I am going to commit a murder. I offer no apology for the curtness of the statement.

Thus reads the first letter from “Marius” that was received by Scotland Yard. More follow, giving hints as to when and where this perfect murder will be committed. When one T T Richleigh is found dead, it seems that Marius’ boasts were true.

Richleigh was killed inside a room locked from the inside and every possible suspect has a perfect alibi – multiple witnesses placing them a significant distance from the scene of the crime. It falls to ex-police detective John Franklin and his friend Ludovic Travers to trap an exceedingly clever murderer.

I’ve reviewed some of Dean Street Press’s Christopher Bush reprints before, and I’ve enjoyed them so far. I have, for whatever reason, ricocheted around the canon. There are forty out there now, with twenty-three more to come. But for this review, I thought I’d head back to the beginning. Well, almost the beginning, this is the second one, the one that perhaps made Bush’s reputation as the master of the cast-iron alibi mystery.

Readers of the later books may be surprised by the prominence of Franklin in this tale. Travers, Bush’s regular sleuth, acts as a sort of muse, appearing now and then to poke Franklin in the right direction, but this is Franklin’s story as his investigations take him far and wide in his search for the murderer.

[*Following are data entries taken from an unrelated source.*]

Lemma qcommXl w a b n : qcomm w a b -> qcomm (w ^+ n) (a ^+ n) b.
Proof.
move=> h; elim: n => [|n ih]; first by rewrite !expr0; apply/qcomm1P/commr_sym/commr1.
by rewrite !exprS; apply: qcommMl.
Qed.

Lemma qcommXr w a b n : qcomm w a b -> qcomm (w ^+ n) a (b ^+ n).
Proof.
move=> h; elim: n => [|n ih]; first by rewrite !expr0; apply/qcomm1P/commr1.
by rewrite !exprS; apply: qcommMr.
Qed.

Lemma qcomm_exprM w a b n : qcomm w a b -> (a * b) ^+ n = w ^+ 'C(n, 2) *: (a ^+ n * b ^+ n).
Proof.
move=> h; elim: n => [|n ih]; first by rewrite !expr0 mulr1 scale1r.
rewrite exprSr ih -scalerAl -mulrA [b ^+ n * _]mulrA (qcommXr n h) -scalerAl.
by rewrite -scalerAr scalerA -exprD binS bin1 addnC !mulrA -exprSr -mulrA -exprSr.
Qed.

End QCommute.

Section QCommuteUnit.
Variables (C : fieldType) (D : unitAlgType C).
Implicit Types (w : C) (a b : D).

Lemma qcommVl w a b : w != 0 -> a \is a GRing.unit -> qcomm w a b -> qcomm w^-1 a^-1 b.
Proof.
rewrite /qcomm => w0 ua h.
have -> : a^-1 * b = w *: (b * a^-1).
  by rewrite -{1}(mulrK ua b) h -scalerAl -scalerAr -[a * b * a^-1]mulrA mulKr.
by rewrite scalerA mulVf // scale1r.
Qed.

Lemma qcommVr w a b : w != 0 -> b \is a GRing.unit -> qcomm w a b -> qcomm w^-1 a b^-1.
Proof.
rewrite /qcomm => w0 ub h.
have -> : a * b^-1 = w *: (b^-1 * a).
  by rewrite -{1}(mulKr ub a) h -scalerAr -scalerAl mulrA mulrK.
by rewrite scalerA mulVf // scale1r.
Qed.

End QCommuteUnit.

Lemma prim_rootV (R : unitRingType) n (z : R) :
  n.-primitive_root z^-1 = n.-primitive_root z.
Proof.
rewrite /primitive_root_of_unity; congr (_ && _); apply: eq_forallb => i.
by rewrite !unity_rootE exprVn invr_eq1.
Qed.

Section PrimitiveRoot.
Variables (C : idomainType) (N : nat) (w : C).
Hypothesis prim : N.-primitive_root w.

Lemma prim_expr_bin2 : w ^+ 'C(N, 2) = (-1) ^+ N.-1.
Proof.
have N0 := prim_order_gt0 prim.
have [oddN | evenN] := boolP (odd N).
  rewrite bin2odd // exprM (prim_expr_order prim) expr1n.
  by rewrite -signr_odd -(odd_halfK oddN) odd_double.
set m := N./2; have eN : N = m.*2 by rewrite even_halfK.
have wm : w ^+ m = -1.
  have : w ^+ m ^+ 2 == 1 by rewrite -exprM muln2 -eN (prim_expr_order prim).
  by rewrite sqrf_eq1 -(prim_order_dvd prim) gtnNdvd /=; [move/eqP | lia | lia].
by rewrite bin2 {1}eN -doubleMl doubleK exprM wm.
Qed.
End PrimitiveRoot.

Section QBinomial.
Variables (C : fieldType) (D : algType C) (w : C).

It’s a book that’s worthy of its reputation, very enjoyable and while the murderer (and their alibi trick) becomes clear earlier than you might expect in order for Franklin to find a way to actually prove it, the final chapters are just as enjoyable as the earlier ones.

Sorry for the brevity of the review – very busy at the mo – but this is well worth your time. Oh, unless you’re reading it only for the locked room – that is sorted out very quickly and simply.

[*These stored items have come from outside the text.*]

(** * Global solutions by Picard iteration *)

Lemma lipschitz_continuous (f : R -> R) K t :
  0 <= K -> (forall a b, Rabs (f a - f b) <= K * Rabs (a - b)) -> continuous f t.
Proof.
  intros HK H. apply filterlim_locally. intros eps.
  assert (Hd : 0 < eps / (K + 1)) by (apply Rdiv_lt_0_compat; [apply cond_pos|lra]).
  exists (mkposreal _ Hd). intros y Hy. change (Rabs (y - t) < eps / (K + 1)) in Hy.
  change (Rabs (f y - f t) < eps). eapply Rle_lt_trans; [apply H|].
  assert (K * (eps / (K + 1)) < eps).
  { replace (K * (eps / (K + 1))) with (eps - eps / (K + 1)) by (field; lra). lra. }
  pose proof (Rabs_pos (y - t)). nra.
Qed.

Section IntegralsOfContinuous.

Variable g : R -> R.
Hypothesis Hg : forall s, continuous g s.

Lemma ex_RInt_cont a b : ex_RInt g a b.
Proof. apply (@ex_RInt_continuous R_CompleteNormedModule). intros; apply Hg. Qed.

Lemma abs_RInt_le_const_dist Bd a b :
  (forall s, Rabs (g s) <= Bd) -> Rabs (RInt g a b) <= Bd * Rabs (b - a).
Proof.
  intros Hb. destruct (Rle_dec a b).
  - rewrite (Rabs_right (b - a)), Rmult_comm by lra.
    apply abs_RInt_le_const; auto. apply ex_RInt_cont.
  - rewrite <- (opp_RInt_swap g) by apply ex_RInt_cont.
    change (Rabs (- RInt g b a) <= Bd * Rabs (b - a)).
    rewrite Rabs_Ropp, (Rabs_left (b - a)), Rmult_comm by lra.
    replace (- (b - a)) with (a - b) by ring.
    apply abs_RInt_le_const; [lra|apply ex_RInt_cont|auto].
Qed.

Lemma abs_RInt_le_antiderivative (P p : R -> R) t : 0 <= t ->
  (forall s, continuous p s) -> (forall s, is_derive P s (p s)) ->
  (forall s, 0 <= s <= t -> Rabs (g s) <= p s) ->
  Rabs (RInt g 0 t) <= P t - P 0.
Proof.
  intros Ht Hp HP Hb.
  eapply Rle_trans; [apply abs_RInt_le; [auto|apply ex_RInt_cont]|].
  eapply Rle_trans; [apply (RInt_le (fun s => Rabs (g s)) p)|]; auto.
  - apply (@ex_RInt_continuous R_CompleteNormedModule). intros.
    apply continuous_Rabs_comp, Hg.
  - apply (@ex_RInt_continuous R_CompleteNormedModule). auto.
  - intros x Hx. apply Hb. lra.
  - apply Req_le, is_RInt_unique, (is_RInt_derive P p); auto.
Qed.

End IntegralsOfContinuous.

Lemma RInt_minus_cont (f g : R -> R) a b :
  (forall s, continuous f s) -> (forall s, continuous g s) ->
  RInt (fun s => f s - g s) a b = RInt f a b - RInt g a b.
Proof. intros Hf Hg. apply (RInt_minus f g); apply ex_RInt_cont; auto. Qed.

Section Picard.

Variables (N : nat) (G : (nat -> R) -> nat -> R) (B L : R) (x0 : nat -> R).
Hypotheses (HB : 0 <= B) (HL : 0 <= L).
Hypothesis G_bounded : forall q i, (i < N)%nat -> Rabs (G q i) <= B.
Hypothesis G_lipschitz : forall q p i, (i < N)%nat ->
  Rabs (G q i - G p i) <= L * sum_upto N (fun k => Rabs (q k - p k)).

Lemma G_comp_continuous (y : R -> nat -> R) K i : 0 <= K -> (i < N)%nat ->
  (forall j, (j < N)%nat -> forall a b, Rabs (y a j - y b j) <= K * Rabs (a - b)) ->
  forall s, continuous (fun s => G (y s) i) s.
Proof.
  intros HK Hi Hy s. apply (lipschitz_continuous _ (L * (INR N * K))).
  { pose proof (pos_INR N). apply Rmult_le_pos; [|apply Rmult_le_pos]; auto. }
  intros a b. eapply Rle_trans; [apply G_lipschitz; auto|].
  rewrite Rmult_assoc, Rmult_assoc. apply Rmult_le_compat_l; auto.
  rewrite <- sum_upto_const. apply sum_upto_le. intros; apply Hy; auto.
Qed.

Fixpoint picard (k : nat) (t : R) (i : nat) : R :=
  match k with
  | O => x0 i
  | S k' => x0 i + RInt (fun s => G (picard k' s) i) 0 t
  end.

Just The Facts, Ma’am: WHY- A character has a similar job to me – he’s a Maths teacher!


  1. Yeah, you probably shouldn’t read this one solely for the locked room problem, unless you’re a fanatical completist who’s trying to cross off every title listed in Adey’s Locked Room Murders, but who would be crazy enough to undertake such a task? Anyway, The Perfect Murder Case should be read as an alibi-busting detective novel in the tradition of the OG alibi-king, Freeman Wills Crofts.